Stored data
+===+

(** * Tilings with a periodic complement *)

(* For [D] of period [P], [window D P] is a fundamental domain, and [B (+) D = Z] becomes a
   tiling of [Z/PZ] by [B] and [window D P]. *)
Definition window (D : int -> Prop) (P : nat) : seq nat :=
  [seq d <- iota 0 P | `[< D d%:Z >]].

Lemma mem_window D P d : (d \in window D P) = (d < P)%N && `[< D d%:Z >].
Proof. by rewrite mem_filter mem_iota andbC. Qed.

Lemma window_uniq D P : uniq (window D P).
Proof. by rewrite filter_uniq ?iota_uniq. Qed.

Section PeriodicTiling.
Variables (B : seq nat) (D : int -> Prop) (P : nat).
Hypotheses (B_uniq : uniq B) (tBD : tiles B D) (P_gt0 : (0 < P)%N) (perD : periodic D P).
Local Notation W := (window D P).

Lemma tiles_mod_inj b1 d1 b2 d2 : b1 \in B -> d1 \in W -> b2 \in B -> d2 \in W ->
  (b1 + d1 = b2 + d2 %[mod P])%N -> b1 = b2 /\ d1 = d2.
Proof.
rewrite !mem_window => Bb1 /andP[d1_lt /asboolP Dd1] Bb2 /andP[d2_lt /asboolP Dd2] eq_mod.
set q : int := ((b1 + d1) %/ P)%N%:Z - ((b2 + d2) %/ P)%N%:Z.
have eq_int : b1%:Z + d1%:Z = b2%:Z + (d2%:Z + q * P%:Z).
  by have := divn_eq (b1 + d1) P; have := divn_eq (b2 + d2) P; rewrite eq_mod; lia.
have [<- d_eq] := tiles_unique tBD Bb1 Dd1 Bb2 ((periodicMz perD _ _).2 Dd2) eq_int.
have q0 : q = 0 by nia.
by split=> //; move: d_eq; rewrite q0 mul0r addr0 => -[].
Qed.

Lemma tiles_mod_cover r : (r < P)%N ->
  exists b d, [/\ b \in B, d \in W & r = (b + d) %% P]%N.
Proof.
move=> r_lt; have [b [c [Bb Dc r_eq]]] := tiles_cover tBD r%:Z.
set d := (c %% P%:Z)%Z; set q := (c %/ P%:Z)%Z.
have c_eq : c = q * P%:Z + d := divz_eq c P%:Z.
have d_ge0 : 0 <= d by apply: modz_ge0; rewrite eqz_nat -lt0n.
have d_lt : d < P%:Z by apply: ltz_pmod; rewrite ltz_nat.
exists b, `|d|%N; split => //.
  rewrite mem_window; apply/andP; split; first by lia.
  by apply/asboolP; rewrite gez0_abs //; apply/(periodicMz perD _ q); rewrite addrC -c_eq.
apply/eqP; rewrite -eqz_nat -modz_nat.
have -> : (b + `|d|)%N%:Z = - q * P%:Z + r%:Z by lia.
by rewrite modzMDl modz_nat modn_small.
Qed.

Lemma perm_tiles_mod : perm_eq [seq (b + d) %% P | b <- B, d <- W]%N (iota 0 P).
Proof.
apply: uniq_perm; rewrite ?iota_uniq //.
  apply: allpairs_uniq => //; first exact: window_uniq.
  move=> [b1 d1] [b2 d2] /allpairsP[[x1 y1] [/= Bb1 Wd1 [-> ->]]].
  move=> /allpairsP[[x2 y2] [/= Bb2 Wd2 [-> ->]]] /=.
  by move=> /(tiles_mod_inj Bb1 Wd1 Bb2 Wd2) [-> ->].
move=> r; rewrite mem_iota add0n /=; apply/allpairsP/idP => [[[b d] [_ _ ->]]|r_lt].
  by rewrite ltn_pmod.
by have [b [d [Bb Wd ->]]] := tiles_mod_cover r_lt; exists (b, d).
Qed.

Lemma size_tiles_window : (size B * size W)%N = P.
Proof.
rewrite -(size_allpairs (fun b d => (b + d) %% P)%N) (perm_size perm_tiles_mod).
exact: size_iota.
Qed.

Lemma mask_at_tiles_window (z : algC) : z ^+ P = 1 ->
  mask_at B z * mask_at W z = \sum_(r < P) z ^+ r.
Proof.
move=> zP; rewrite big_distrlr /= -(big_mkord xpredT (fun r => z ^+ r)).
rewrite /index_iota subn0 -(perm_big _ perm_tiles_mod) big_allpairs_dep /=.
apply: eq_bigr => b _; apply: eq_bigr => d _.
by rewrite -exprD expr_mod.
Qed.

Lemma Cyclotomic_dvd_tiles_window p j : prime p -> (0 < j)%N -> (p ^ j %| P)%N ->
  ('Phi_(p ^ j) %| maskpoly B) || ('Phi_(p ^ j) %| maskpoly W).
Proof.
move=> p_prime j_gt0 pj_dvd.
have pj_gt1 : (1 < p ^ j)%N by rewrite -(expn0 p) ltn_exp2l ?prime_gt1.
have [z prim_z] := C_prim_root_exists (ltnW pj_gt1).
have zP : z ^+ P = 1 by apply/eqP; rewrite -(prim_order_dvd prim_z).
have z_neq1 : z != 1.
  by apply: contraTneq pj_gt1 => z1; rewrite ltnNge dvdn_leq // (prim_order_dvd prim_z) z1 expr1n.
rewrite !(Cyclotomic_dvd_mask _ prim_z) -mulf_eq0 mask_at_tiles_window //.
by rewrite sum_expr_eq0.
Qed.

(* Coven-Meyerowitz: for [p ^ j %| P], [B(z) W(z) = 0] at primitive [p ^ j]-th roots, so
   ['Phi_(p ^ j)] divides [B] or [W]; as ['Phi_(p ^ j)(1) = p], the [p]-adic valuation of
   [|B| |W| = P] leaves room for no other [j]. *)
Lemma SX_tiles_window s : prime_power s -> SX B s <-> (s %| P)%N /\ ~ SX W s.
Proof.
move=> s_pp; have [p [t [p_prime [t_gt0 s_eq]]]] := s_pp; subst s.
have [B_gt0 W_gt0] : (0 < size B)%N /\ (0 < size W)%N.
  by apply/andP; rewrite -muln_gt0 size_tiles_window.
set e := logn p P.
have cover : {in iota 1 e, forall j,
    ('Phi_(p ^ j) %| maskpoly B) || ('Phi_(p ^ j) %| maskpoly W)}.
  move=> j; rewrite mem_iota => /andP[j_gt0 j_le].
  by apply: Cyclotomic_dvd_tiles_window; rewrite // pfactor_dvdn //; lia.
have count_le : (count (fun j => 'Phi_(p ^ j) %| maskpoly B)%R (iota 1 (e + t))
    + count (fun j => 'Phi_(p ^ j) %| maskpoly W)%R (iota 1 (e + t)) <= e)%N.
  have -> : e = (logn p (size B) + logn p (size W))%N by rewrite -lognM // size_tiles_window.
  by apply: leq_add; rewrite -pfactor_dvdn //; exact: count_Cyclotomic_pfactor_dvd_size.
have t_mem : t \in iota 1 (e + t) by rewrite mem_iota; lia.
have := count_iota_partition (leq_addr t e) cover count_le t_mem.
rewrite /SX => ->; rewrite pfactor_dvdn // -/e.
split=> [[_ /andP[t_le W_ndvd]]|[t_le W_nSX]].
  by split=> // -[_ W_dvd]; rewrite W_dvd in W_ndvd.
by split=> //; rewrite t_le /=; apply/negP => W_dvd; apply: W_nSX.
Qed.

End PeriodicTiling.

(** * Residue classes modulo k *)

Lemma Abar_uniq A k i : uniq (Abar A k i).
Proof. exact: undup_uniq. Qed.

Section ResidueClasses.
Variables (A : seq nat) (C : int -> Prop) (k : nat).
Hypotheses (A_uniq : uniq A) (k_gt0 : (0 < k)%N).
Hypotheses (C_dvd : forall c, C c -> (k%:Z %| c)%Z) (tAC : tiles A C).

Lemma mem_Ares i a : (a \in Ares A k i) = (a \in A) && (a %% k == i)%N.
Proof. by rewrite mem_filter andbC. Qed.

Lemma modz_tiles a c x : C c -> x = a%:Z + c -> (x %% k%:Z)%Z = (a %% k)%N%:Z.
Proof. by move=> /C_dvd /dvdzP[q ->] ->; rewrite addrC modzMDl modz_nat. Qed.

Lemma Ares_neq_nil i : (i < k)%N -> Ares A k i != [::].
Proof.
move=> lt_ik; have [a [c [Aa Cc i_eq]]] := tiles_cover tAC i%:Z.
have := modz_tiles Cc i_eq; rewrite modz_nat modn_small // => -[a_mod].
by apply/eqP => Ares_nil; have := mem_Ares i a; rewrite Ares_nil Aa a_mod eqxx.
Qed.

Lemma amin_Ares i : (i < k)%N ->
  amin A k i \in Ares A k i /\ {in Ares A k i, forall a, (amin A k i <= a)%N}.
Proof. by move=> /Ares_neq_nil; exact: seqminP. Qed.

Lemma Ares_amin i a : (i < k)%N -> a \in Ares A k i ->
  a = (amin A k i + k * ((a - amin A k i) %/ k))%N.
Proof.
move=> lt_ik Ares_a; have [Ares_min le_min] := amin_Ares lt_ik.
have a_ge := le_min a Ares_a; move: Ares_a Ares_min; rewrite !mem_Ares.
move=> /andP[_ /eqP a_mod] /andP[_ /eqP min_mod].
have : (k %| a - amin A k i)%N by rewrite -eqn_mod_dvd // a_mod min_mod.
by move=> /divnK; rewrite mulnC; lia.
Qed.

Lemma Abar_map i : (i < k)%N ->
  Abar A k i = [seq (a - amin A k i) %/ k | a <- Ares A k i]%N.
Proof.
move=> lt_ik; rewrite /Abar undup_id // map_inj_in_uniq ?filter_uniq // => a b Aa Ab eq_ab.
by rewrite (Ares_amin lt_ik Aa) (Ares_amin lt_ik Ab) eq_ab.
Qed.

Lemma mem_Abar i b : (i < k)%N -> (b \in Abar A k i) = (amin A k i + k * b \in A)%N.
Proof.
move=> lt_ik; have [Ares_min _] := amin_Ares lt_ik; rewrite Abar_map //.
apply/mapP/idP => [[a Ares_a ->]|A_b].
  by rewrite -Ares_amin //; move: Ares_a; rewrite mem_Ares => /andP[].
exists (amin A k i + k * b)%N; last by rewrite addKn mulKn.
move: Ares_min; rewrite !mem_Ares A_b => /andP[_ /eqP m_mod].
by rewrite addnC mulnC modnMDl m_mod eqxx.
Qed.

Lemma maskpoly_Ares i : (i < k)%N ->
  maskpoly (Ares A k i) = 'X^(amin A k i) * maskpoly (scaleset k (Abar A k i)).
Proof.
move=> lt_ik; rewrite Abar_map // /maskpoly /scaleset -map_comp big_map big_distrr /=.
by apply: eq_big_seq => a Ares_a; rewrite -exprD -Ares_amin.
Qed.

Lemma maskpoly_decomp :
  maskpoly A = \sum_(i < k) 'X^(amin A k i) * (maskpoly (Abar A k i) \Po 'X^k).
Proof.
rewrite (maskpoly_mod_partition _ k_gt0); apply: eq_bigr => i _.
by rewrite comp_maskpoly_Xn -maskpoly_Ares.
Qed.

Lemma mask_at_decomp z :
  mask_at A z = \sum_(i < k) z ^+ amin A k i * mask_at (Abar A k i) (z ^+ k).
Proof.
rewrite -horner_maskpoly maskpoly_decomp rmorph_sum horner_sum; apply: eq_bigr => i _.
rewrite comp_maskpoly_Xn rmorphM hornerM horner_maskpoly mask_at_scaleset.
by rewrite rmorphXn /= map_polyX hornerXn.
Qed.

+===+

Problem to solve
Repeat, exactly as they stand above, the lines from the line with "by rewrite addnC mulnC modnMDl m_mod eqxx." to the line with "rewrite -horner_maskpoly maskpoly_decomp", both lines included.

Solution below
by rewrite addnC mulnC modnMDl m_mod eqxx.
Qed.

Lemma maskpoly_Ares i : (i < k)%N ->
  maskpoly (Ares A k i) = 'X^(amin A k i) * maskpoly (scaleset k (Abar A k i)).
Proof.
move=> lt_ik; rewrite Abar_map // /maskpoly /scaleset -map_comp big_map big_distrr /=.
by apply: eq_big_seq => a Ares_a; rewrite -exprD -Ares_amin.
Qed.

Lemma maskpoly_decomp :
  maskpoly A = \sum_(i < k) 'X^(amin A k i) * (maskpoly (Abar A k i) \Po 'X^k).
Proof.
rewrite (maskpoly_mod_partition _ k_gt0); apply: eq_bigr => i _.
by rewrite comp_maskpoly_Xn -maskpoly_Ares.
Qed.

Lemma mask_at_decomp z :
  mask_at A z = \sum_(i < k) z ^+ amin A k i * mask_at (Abar A k i) (z ^+ k).
Proof.
rewrite -horner_maskpoly maskpoly_decomp rmorph_sum horner_sum; apply: eq_bigr => i _.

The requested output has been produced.